I am a current So Cal resident who will be moving to Sacramento in the coming week.  I would like very much to find a group in which to play.

I'm looking for a fantasy DnD 3e game, the campaign is unimportant - I'll be happy to play in homebrew, FR, whatever.  I'd also be very interested in playing in the WoT setting.

About me - I'm 23 and am moving to Sac to go to graduate school.  I've only ever played a little bit in DnD.  Most of my experience comes from DM'ing a homebrew campaign for a year and a half.  I have lots of rulebooks I can bring to the session, and make a darn good brownie.   

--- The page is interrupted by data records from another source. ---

Record Hilbert := {
  hcar :> Type;
  hzero : hcar;
  hadd : hcar -> hcar -> hcar;
  hscal : R -> hcar -> hcar;
  hinner : hcar -> hcar -> R;
  hadd_assoc : forall x y z, hadd x (hadd y z) = hadd (hadd x y) z;
  hadd_comm : forall x y, hadd x y = hadd y x;
  hadd_0 : forall x, hadd x hzero = x;
  hadd_opp : forall x, hadd x (hscal (-1) x) = hzero;
  hscal_1 : forall x, hscal 1 x = x;
  hscal_assoc : forall a b x, hscal a (hscal b x) = hscal (a * b) x;
  hscal_distr_l : forall a x y, hscal a (hadd x y) = hadd (hscal a x) (hscal a y);
  hscal_distr_r : forall a b x, hscal (a + b) x = hadd (hscal a x) (hscal b x);
  hinner_sym : forall x y, hinner x y = hinner y x;
  hinner_add : forall x y z, hinner (hadd x y) z = hinner x z + hinner y z;
  hinner_scal : forall a x y, hinner (hscal a x) y = a * hinner x y;
  hinner_pos : forall x, 0 <= hinner x x;
  hinner_def : forall x, hinner x x = 0 -> x = hzero;
  hcomplete : forall u : nat -> hcar,
    (forall eps, eps > 0 -> exists N, forall p q, (p >= N)%nat -> (q >= N)%nat ->
        sqrt (hinner (hadd (u p) (hscal (-1) (u q))) (hadd (u p) (hscal (-1) (u q)))) < eps) ->
    exists l, forall eps, eps > 0 -> exists N, forall p, (p >= N)%nat ->
        sqrt (hinner (hadd (u p) (hscal (-1) l)) (hadd (u p) (hscal (-1) l))) < eps
}.

Arguments hzero {h}.
Arguments hadd {h}.
Arguments hscal {h}.
Arguments hinner {h}.

Definition hsub {H : Hilbert} (x y : H) : H := hadd x (hscal (-1) y).
Definition hnorm {H : Hilbert} (x : H) : R := sqrt (hinner x x).

Fixpoint sum1 (n : nat) (f : nat -> R) : R :=
  match n with O => 0 | S k => sum1 k f + f (S k) end.

Fixpoint vsum1 {H : Hilbert} (n : nat) (f : nat -> H) : H :=
  match n with O => hzero | S k => hadd (vsum1 k f) (f (S k)) end.

Definition span1 {H : Hilbert} (v : nat -> H) (k : nat) (x : H) : Prop :=
  exists c : nat -> R, x = vsum1 k (fun i => hscal (c i) (v i)).

(* supremum / infimum of a set of reals (chosen classically;
   the value is only meaningful when the sup/inf exists) *)
Definition Rsup (E : R -> Prop) : R := epsilon (inhabits 0) (fun s => is_lub E s).
Definition Rinf (E : R -> Prop) : R := - Rsup (fun y => E (- y)).

Definition hdist {H : Hilbert} (x : H) (S : H -> Prop) : R :=
  Rinf (fun d => exists y, S y /\ d = hnorm (hsub x y)).

Definition orth_proj {H : Hilbert} (S : H -> Prop) (x : H) : H :=
  epsilon (inhabits hzero) (fun p => S p /\ forall y, S y -> hinner (hsub x p) y = 0).

(* The error zstar - P zstar of the orthogonal projection P onto V_n is orthogonal to
   V_n, so by definition of gamma its residual f is at most gamma^2 eps_n^2.  P zstar
   is feasible for (MS), since projecting onto V_n cannot increase the distances to the
   nested spaces V_k; hence the minimiser zMS does at least as well.  In the right
   singular basis v_j^* the form w |-> sum_j <r_j, w>^2 restricted to V_n is diagonal
   with weights sigma_j^2, and P zstar - zMS = (zstar - zMS) - (zstar - P zstar) gives
   the factor 4. *)
From Stdlib Require Import Reals Lra Lia ClassicalEpsilon.
Open Scope R_scope.

Section InnerProduct.
Context {H : Hilbert}.

Lemma inner_addr (x y w : H) : hinner x (hadd y w) = hinner x y + hinner x w.
Proof. rewrite hinner_sym, hinner_add, (hinner_sym _ _ y), (hinner_sym _ _ w). ring. Qed.

Lemma inner_scalr c (x y : H) : hinner x (hscal c y) = c * hinner x y.
Proof. rewrite hinner_sym, hinner_scal, hinner_sym. ring. Qed.

Lemma inner_subl (x y w : H) : hinner (hsub x y) w = hinner x w - hinner y w.
Proof. unfold hsub. rewrite hinner_add, hinner_scal. ring. Qed.

Lemma inner_subr (x y w : H) : hinner w (hsub x y) = hinner w x - hinner w y.
Proof. rewrite hinner_sym, inner_subl, !(hinner_sym _ w). ring. Qed.

Lemma inner_0l (y : H) : hinner hzero y = 0.
Proof.
  assert (E : hinner (hadd hzero hzero) y = hinner (@hzero H) y + hinner hzero y)
    by apply hinner_add.
  rewrite hadd_0 in E. lra.
Qed.

Lemma inner_0r (y : H) : hinner y hzero = 0.
Proof. rewrite hinner_sym. apply inner_0l. Qed.

Lemma inner_add_add (x y : H) :
  hinner (hadd x y) (hadd x y) = hinner x x + 2 * hinner x y + hinner y y.
Proof. rewrite hinner_add, !inner_addr, (hinner_sym _ y x). ring. Qed.

Lemma inner_sub_sub (x y : H) :
  hinner (hsub x y) (hsub x y) = hinner x x - 2 * hinner x y + hinner y y.
Proof. rewrite inner_subl, !inner_subr, (hinner_sym _ y x). ring. Qed.

Lemma hext (x y : H) : (forall w, hinner x w = hinner y w) -> x = y.
Proof.
  intros Hw.
  assert (E : hinner (hsub x y) (hsub x y) = 0) by (rewrite inner_subl, Hw; ring).
  apply hinner_def in E. unfold hsub in E.
  rewrite <- (hadd_0 _ x), <- (hadd_opp _ y), (hadd_comm _ y (hscal (-1) y)), hadd_assoc, E.
  rewrite hadd_comm, hadd_0. reflexivity.
Qed.

Lemma hsub_split (x p y : H) : hsub x y = hadd (hsub x p) (hsub p y).
Proof. apply hext; intros w. rewrite hinner_add, !inner_subl. ring. Qed.

Lemma hnorm_sq (x : H) : hnorm x ^ 2 = hinner x x.
Proof. apply pow2_sqrt, hinner_pos. Qed.

Lemma hnorm_le_add_orth (u w : H) : hinner u w = 0 -> hnorm w <= hnorm (hadd u w).
Proof.
  intros Huw. apply sqrt_le_1_alt. rewrite inner_add_add, Huw.
  pose proof (hinner_pos _ u). lra.
Qed.

Lemma inner_vsum k (f : nat -> H) y : hinner (vsum1 k f) y = sum1 k (fun i => hinner (f i) y).
Proof. induction k; simpl; [apply inner_0l | rewrite hinner_add, IHk; reflexivity]. Qed.

Lemma vsum1_ext k (f g : nat -> H) :
  (forall i, (1 <= i <= k)%nat -> f i = g i) -> vsum1 k f = vsum1 k g.
Proof.
  induction k; intros E; simpl; [reflexivity|].
  rewrite IHk, E; [reflexivity | lia | intros; apply E; lia].
Qed.

End InnerProduct.

Section FiniteSums.

Lemma sum1_ext k f g : (forall i, (1 <= i <= k)%nat -> f i = g i) -> sum1 k f = sum1 k g.
Proof.
  induction k; intros E; simpl; [reflexivity|].
  rewrite IHk, E; [reflexivity | lia | intros; apply E; lia].
Qed.

Lemma sum1_plus k f g : sum1 k (fun i => f i + g i) = sum1 k f + sum1 k g.
Proof. induction k; simpl; [ring | rewrite IHk; ring]. Qed.

Lemma sum1_minus k f g : sum1 k (fun i => f i - g i) = sum1 k f - sum1 k g.
Proof. induction k; simpl; [ring | rewrite IHk; ring]. Qed.

Lemma sum1_scal k c f : sum1 k (fun i => c * f i) = c * sum1 k f.
Proof. induction k; simpl; [ring | rewrite IHk; ring]. Qed.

If anyone out there runs or plays in a group in the Sac area, let me know if you're looking for a player.

Thanks!!


----------



## garyh (Aug 21, 2002)

bump!!

I _may_ have a game soon through my FLGS, but figured I'd get this ad back on the boards in case that falls through.


----------



## berova (Aug 26, 2002)

Gary,

I'm running Monte Cook's RTToEE once every 2-3 weeks in Sacramento area on Saturdays (we've played as little as once a month due to vacations and what not). Let me know if you're interested.


----------



## garyh (Aug 26, 2002)

The other game is going to work out, _but_ I'd still be up for a Saturday game (especially as it meets less frequently than weekly).

So, yeah, sure, I'd enjoy returning to the Temple of Elemental Evil, if ya'll have me.


----------



## garyh (Aug 28, 2002)

Berova,

Any news?  I'm still up for playing.  From what you've mentioned, it sounds like it'd be great.  Let me know!!

(Hope you'll see  this.  I'd just have e-mailed you through the boards, but you have that function turned off  )


----------



## berova (Aug 28, 2002)

Hi Gary,

Sorry for the delay in reply. I'm sending you some e-mail with all the scoop. Hope to hear from you soon.


----------